▸ **EXERCISE BRIEF**
Please return only the lines from the one holding "have [s As sT] := inf_adherent d0 A_inf." through the one holding "Section DelayIntegrals.", exactly as they appear in the records below, both ends included.

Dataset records

Lemma continuous_gt0_induction (f : R -> R) : continuous f ->
  (forall s, s <= 0 -> 0 < f s) ->
  (forall T, 0 < T -> (forall s, s < T -> 0 < f s) -> 0 < f T) ->
  forall t, 0 < f t.
Proof.
move=> cf f_hist f_step t; rewrite ltNge; apply/negP => ft.
pose A := [set s | f s <= 0].
have A_gt0 s : A s -> 0 < s.
  by move=> As; rewrite ltNge; apply/negP => /f_hist; rewrite ltNge As.
have A_inf : has_inf A by split; [exists t | exists 0 => s /A_gt0/ltW].
have A_ge_inf s : A s -> inf A <= s by apply: ge_inf; case: A_inf.
have below s : s < inf A -> 0 < f s.
  by move=> sT; rewrite ltNge; apply/negP => /A_ge_inf; rewrite leNgt sT.
have fT : 0 < f (inf A).
  have [T0|T0] := leP (inf A) 0; [exact: f_hist | exact: f_step].
have : \forall z \near inf A, 0 < f z.
  by near=> z; near: z; exact: (cvgr_gt _ (cf (inf A)) 0 fT).
move=> /nbhs_ballP[d /= d0 hd].
have [s As sT] := inf_adherent d0 A_inf.
have := hd s; rewrite -ball_normE /= distrC ger0_norm ?subr_ge0 ?A_ge_inf //.
rewrite ltrBlDl.
by move=> /(_ sT); rewrite ltNge As.
Unshelve. all: by end_near.
Qed.

End Calculus.

Section DelayIntegrals.
Context {R : realType}.
Local Notation mu := (@lebesgue_measure R).

Lemma Rintegral_density_supp (h : R -> R) {Psi : R -> R} {a b : R} : density_supp Psi a b ->
  LInt `[0, +oo[ (fun y => h y * Psi y) = LInt `[a, b] (fun y => h y * Psi y).
Proof.
case=> [[a0 ab] _ _ _ Psi_supp].
rewrite /LInt [LHS]Rintegral_mkcond [RHS]Rintegral_mkcond.
apply: eq_Rintegral => y _; rewrite !patchE.
have [->|/Psi_supp/andP[ay yb]] := eqVneq (Psi y) 0.
  by rewrite mulr0; case: (y \in _); case: (y \in _).
rewrite mem_set; last by rewrite /= in_itv /= (le_trans (ltW a0) ay).
by rewrite mem_set //= in_itv /= ay yb.
Qed.

Lemma density_supp_integrable {Psi : R -> R} {a b : R} : density_supp Psi a b ->
  mu.-integrable `[a, b] (EFin \o Psi).
Proof.
case=> [[a0 _] _ Psi_int _ _]; apply: integrableS Psi_int => //.
by move=> y; rewrite /= !in_itv /= => /andP[ay _]; rewrite (le_trans (ltW a0) ay).
Qed.

Lemma Rintegral_density_supp_itv {Psi : R -> R} {a b : R} : density_supp Psi a b ->
  LInt `[a, b] Psi = 1.
Proof.
move=> Psi_supp; case: (Psi_supp) => _ _ _ <- _.
have one_mul D : LInt D (fun y => 1 * Psi y) = LInt D Psi.
  by apply: eq_Rintegral => y _; rewrite mul1r.
by rewrite -one_mul -[RHS]one_mul (Rintegral_density_supp _ Psi_supp).
Qed.

Lemma integrableM_continuous {h Psi : R -> R} {a b : R} :
  mu.-integrable `[a, b] (EFin \o Psi) -> continuous h ->
  mu.-integrable `[a, b] (EFin \o (fun y => h y * Psi y)).
Proof.
move=> Psi_int ch.
have -> : EFin \o (fun y => h y * Psi y) = (fun y => (h y)%:E * (Psi y)%:E)%E.
  by apply/funext => y; rewrite /= EFinM.
apply: integrableMr => //; first exact: measurable_funS (continuous_measurable_fun ch).
have [K hK] := continuous_bounded_itv _ a b ch.
exists K; split; first exact: num_real.
move=> M KM x; rewrite /= in_itv /= => /hK/le_trans; apply; exact: ltW.
Qed.

Lemma delay_Rintegral_ge0 (h Psi : R -> R) (x : R) : (forall y, 0 <= Psi y) ->
  (forall s, s <= x -> 0 <= h s) ->
  0 <= LInt `[0, +oo[ (fun tau => h (x - tau) * Psi tau).
Proof.
move=> Psi_ge0 h_ge0; apply: Rintegral_ge0 => tau /=; rewrite in_itv /= => /andP[tau0 _].
by rewrite mulr_ge0 // h_ge0 // lerBlDr lerDl.
Qed.

(* Differentiation under the integral sign, dominated by [sup |f| * Psi]. *)
Lemma is_derive_Rintegral_shift (P f Psi : R -> R) (a b x : R) :
  (forall z : R, is_derive z 1 P (f z)) -> continuous f ->
  mu.-integrable `[a, b] (EFin \o Psi) -> (forall y, 0 <= Psi y) ->
  is_derive x 1 (fun x => LInt `[a, b] (fun y => P (x - y) * Psi y))
    (LInt `[a, b] (fun y => f (x - y) * Psi y)).
Proof.
move=> Pd cf Psi_int Psi_ge0.
pose g z y := P (z - y) * Psi y.
have gd (z y : R) : is_derive z 1 (g^~ y) (f (z - y) * Psi y).
  have zy : is_derive z 1 (fun z => z - y) 1.
    have := is_deriveB (is_derive_id z 1) (is_derive_cst y z 1).
    by apply: is_derive_ext => [w|]; rewrite ?subr0.
  have := is_deriveZ (Psi y) (@is_derive1_comp _ P (fun w => w - y) z _ _ (Pd (z - y)) zy).
  by apply: is_derive_ext => [w|]; [exact: mulrC | rewrite mulr1 mulrC].
have g_int (z : R) : `](x - 1), (x + 1)[%classic z -> mu.-integrable `[a, b] (EFin \o g z).
  move=> _; apply: integrableM_continuous => //; apply: continuous_subl => w.
  exact: is_derive_continuous (Pd w).
have [K hK] := continuous_bounded_itv _ (x - 1 - b) (x + 1 - a) cf.
have xI : `](x - 1), (x + 1)[%classic x by rewrite /= in_itv /=; apply/andP; lra.
have mB := @measurable_itv R `[a, b].
have G_int : mu.-integrable `[a, b] (EFin \o (fun y => `|K| * Psi y)).
  have := @integrableZl _ _ _ mu _ mB `|K| _ Psi_int.
  apply: (@eq_integrable _ _ _ mu _ mB) => y _.
  by rewrite /= EFinM.
have d1g (z y : R) : partial1of2 g z y = f (z - y) * Psi y by rewrite partial1of2E; case: (gd z y).
have g_dom (z y : R) : `](x - 1), (x + 1)[%classic z -> `[a, b]%classic y ->
    `|partial1of2 g z y| <= `|K| * Psi y.
  rewrite /= !in_itv /= => /andP[z1 z2] /andP[y1 y2].
  rewrite d1g normrM (ger0_norm (Psi_ge0 y)) ler_wpM2r //.
  by apply: le_trans (ler_norm K); apply: hK; apply/andP; split; lra.
have g_dvb (z y : R) : `](x - 1), (x + 1)[%classic z -> `[a, b]%classic y ->
    derivable (g^~ y) z 1.
  by move=> _ _; case: (gd z y).
have G_ge0 y : 0 <= `|K| * Psi y by rewrite mulr_ge0.
apply: DeriveDef.
  exact: (derivable_under_integral (mu := mu) mB xI g_int g_dvb G_ge0 G_int g_dom).
rewrite -derive1E.
rewrite (differentiation_under_integral (mu := mu) mB xI g_int g_dvb G_ge0 G_int g_dom).
by apply: eq_Rintegral => y _; rewrite d1g.
Qed.

End DelayIntegrals.

Section HistoryPrimitive.
Context {R : realType}.
Variables (F : R -> R) (F0 : R).
Hypotheses (cF : continuous F) (F_hist : forall s, s <= 0 -> F s = F0).

(* The lower limit [-1] only has to lie strictly below [0], so that FTC
   applies at [0]. *)
Definition hist_primitive (x : R) : R := F0 * x + LInt `[-1, x] (fun s => F s - F0).

Lemma hist_Rintegral_le0 (x : R) : x <= 0 -> LInt `[-1, x] (fun s => F s - F0) = 0.
Proof.
move=> x0; rewrite /LInt (@eq_Rintegral _ _ _ _ _ (fun=> 0)) ?Rintegral_cst ?mul0r //.
by move=> s; rewrite inE /= in_itv /= => /andP[_ sx]; rewrite F_hist ?subrr ?(le_trans sx).
Qed.

Lemma hist_primitive_le0 (x : R) : x <= 0 -> hist_primitive x = F0 * x.
Proof. by move=> x0; rewrite /hist_primitive hist_Rintegral_le0 ?addr0. Qed.

Lemma is_derive_hist_primitive (x : R) : is_derive x 1 hist_primitive (F x).
Proof.
suff dI : is_derive x 1 (fun x => LInt `[-1, x] (fun s => F s - F0)) (F x - F0).
  have := is_deriveD (is_deriveZ F0 (is_derive_id x 1)) dI.
  by apply: is_derive_ext => [y|] //; rewrite /GRing.scale /= mulr1 addrC subrK.
have [x0|x_ge0] := ltP x 0.
  rewrite F_hist ?(ltW x0) // subrr.
  apply: (@near_eq_is_derive _ _ _ (cst 0)).
  near=> z; rewrite hist_Rintegral_le0 //; apply: ltW; near: z; exact: lt_nbhsl.
have cG : continuous (fun s => F s - F0).
  by move=> y; apply: continuousB; [exact: cF | exact: cvg_cst].
have G_int : (@lebesgue_measure R).-integrable `[-1, x + 1] (EFin \o (fun s => F s - F0)).
  apply: continuous_compact_integrable; first exact: segment_compact.
  exact: continuous_subspaceT.
have xx1 : x < x + 1 by rewrite ltrDl.
have [dvb dval] := continuous_FTC1_closed xx1 G_int (lt_le_trans (ltrN10 R) x_ge0) (cG x).
by apply: DeriveDef; [exact: dvb | rewrite -derive1E dval].
Unshelve. all: by end_near.
Qed.

Lemma continuous_hist_primitive : continuous hist_primitive.
Proof. by move=> x; apply: is_derive_continuous (is_derive_hist_primitive x). Qed.

End HistoryPrimitive.

Section DelayGap.
Context {R : realType}.
Local Notation mu := (@lebesgue_measure R).
Variables (F Psi : R -> R) (a b F0 : R).
Hypotheses (Psi_supp : density_supp Psi a b) (cF : continuous F)
  (F_hist : forall s, s <= 0 -> F s = F0).
Local Notation P := (hist_primitive F F0).

(* The inflow [F] accumulated over the last [y] time units, averaged against
   the delay density: the stock of individuals still waiting in the compartment. *)
Definition delay_gap (t : R) : R := LInt `[a, b] (fun y => (P t - P (t - y)) * Psi y).

Let Psi_int := density_supp_integrable Psi_supp.
Let Psi_ge0 : forall y, 0 <= Psi y. Proof. by case: Psi_supp. Qed.
Let mB := @measurable_itv R `[a, b].

Lemma delay_gap_ge0 (t : R) : (forall s, 0 <= F s) -> 0 <= delay_gap t.
Proof.
move=> F_ge0; apply: Rintegral_ge0 => y /=; rewrite in_itv /= => /andP[ay _].
rewrite mulr_ge0 // subr_ge0.
have a0 : 0 < a by case: Psi_supp => -[].
have ty : t - y < t by rewrite ltrBlDr ltrDl (lt_le_trans a0 ay).
apply: (@ge0_is_derive_le _ P F _ _ ty) => [x _ | x _ |].
- exact: is_derive_hist_primitive.
- exact: F_ge0.
exact/continuous_subspaceT/continuous_hist_primitive.
Qed.

Lemma delay_gap0 : delay_gap 0 = F0 * LInt `[a, b] (fun tau => Psi tau * tau).
Proof.
have a0 : 0 < a by case: Psi_supp => -[].
have Psiy_int : mu.-integrable `[a, b] (EFin \o (fun y => Psi y * y)).
  have := integrableM_continuous Psi_int (fun y => @cvg_id _ (nbhs y)).
  by apply: (@eq_integrable _ _ _ mu _ mB) => y _; rewrite /= mulrC.
rewrite /LInt -(RintegralZl (mu := mu) _ mB Psiy_int); apply: eq_Rintegral => y.
rewrite inE /= in_itv /= => /andP[ay _].
rewrite hist_primitive_le0 // hist_primitive_le0 ?sub0r ?oppr_le0 ?(le_trans (ltW a0)) //.
by ring.
Qed.

Lemma is_derive_delay_gap (t : R) : is_derive t 1 delay_gap
  (F t - LInt `[0, +oo[ (fun tau => F (t - tau) * Psi tau)).
Proof.
have P_shift_int x : mu.-integrable `[a, b] (EFin \o (fun y => P (x - y) * Psi y)).
  by apply: integrableM_continuous => //; exact/continuous_subl/continuous_hist_primitive.
have P_cst_int x : mu.-integrable `[a, b] (EFin \o (fun y => P x * Psi y)).
  exact: integrableM_continuous Psi_int (fun y => cvg_cst _).
have gapE : delay_gap = fun x => P x - LInt `[a, b] (fun y => P (x - y) * Psi y).
  apply/funext => x; rewrite /delay_gap /LInt.
  under eq_Rintegral do rewrite mulrBl.
  rewrite (RintegralB (mu := mu) mB (P_cst_int x) (P_shift_int x)).
  rewrite (RintegralZl (mu := mu) _ mB Psi_int).
  by have := Rintegral_density_supp_itv Psi_supp; rewrite /LInt => ->; rewrite mulr1.
rewrite gapE (Rintegral_density_supp _ Psi_supp).
apply: is_deriveB; first exact: is_derive_hist_primitive.
by apply: is_derive_Rintegral_shift => //; exact: is_derive_hist_primitive.
Qed.

End DelayGap.

Section Positivity.
Context {R : realType}.

(* A compartment fed by [c * F] and emptied by the same flow delayed by the
   density [Psi] holds exactly [c * delay_gap], once its initial value matches. *)
Lemma delay_compartment_ge0 {F Psi X : R -> R} {a b F0 c : R} :
  density_supp Psi a b -> continuous F -> (forall s, 0 <= F s) ->
  (forall s, s <= 0 -> F s = F0) -> 0 <= c ->
  {within `[0, +oo[, continuous X} ->
  X 0 = c * F0 * LInt `[a, b] (fun tau => Psi tau * tau) ->
  (forall t : R, 0 < t -> is_derive t 1 X
     (c * (F t - LInt `[0, +oo[ (fun tau => F (t - tau) * Psi tau)))) ->
  forall t : R, 0 < t -> 0 <= X t.
Proof.
move=> Psi_supp cF F_ge0 F_hist c0 cX X0 Xd t t0.
pose G x := c * delay_gap F Psi a b F0 x.
have Gd (x : R) : is_derive x 1 G
    (c * (F x - LInt `[0, +oo[ (fun tau => F (x - tau) * Psi tau))).
  exact/is_deriveZ/is_derive_delay_gap.
suff -> : X t = G t by rewrite mulr_ge0 // delay_gap_ge0.
pose H x := X x - G x.
have : H t = H 0.
  apply: (@is_derive0_itv_eq _ H 0 t t0) => [x /andP[x0 _] | ].
    by apply: is_derive_ext (is_deriveB (Xd x x0) (Gd x)) => //; rewrite subrr.
  have cG : continuous G by move=> x; apply: is_derive_continuous (Gd x).
  have sub : `[0, t] `<=` `[0, +oo[ by move=> y; rewrite /= !in_itv /= => /andP[->].
  move=> z; apply: continuousB; first exact: (continuous_subspaceW sub cX).
  exact: (continuous_subspaceT cG).
by rewrite /H /G delay_gap0 // X0 mulrA subrr => /eqP; rewrite subr_eq0 => /eqP.
Qed.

▸ **EXERCISE SOLUTION**
have [s As sT] := inf_adherent d0 A_inf.
have := hd s; rewrite -ball_normE /= distrC ger0_norm ?subr_ge0 ?A_ge_inf //.
rewrite ltrBlDl.
by move=> /(_ sT); rewrite ltNge As.
Unshelve. all: by end_near.
Qed.

End Calculus.

Section DelayIntegrals.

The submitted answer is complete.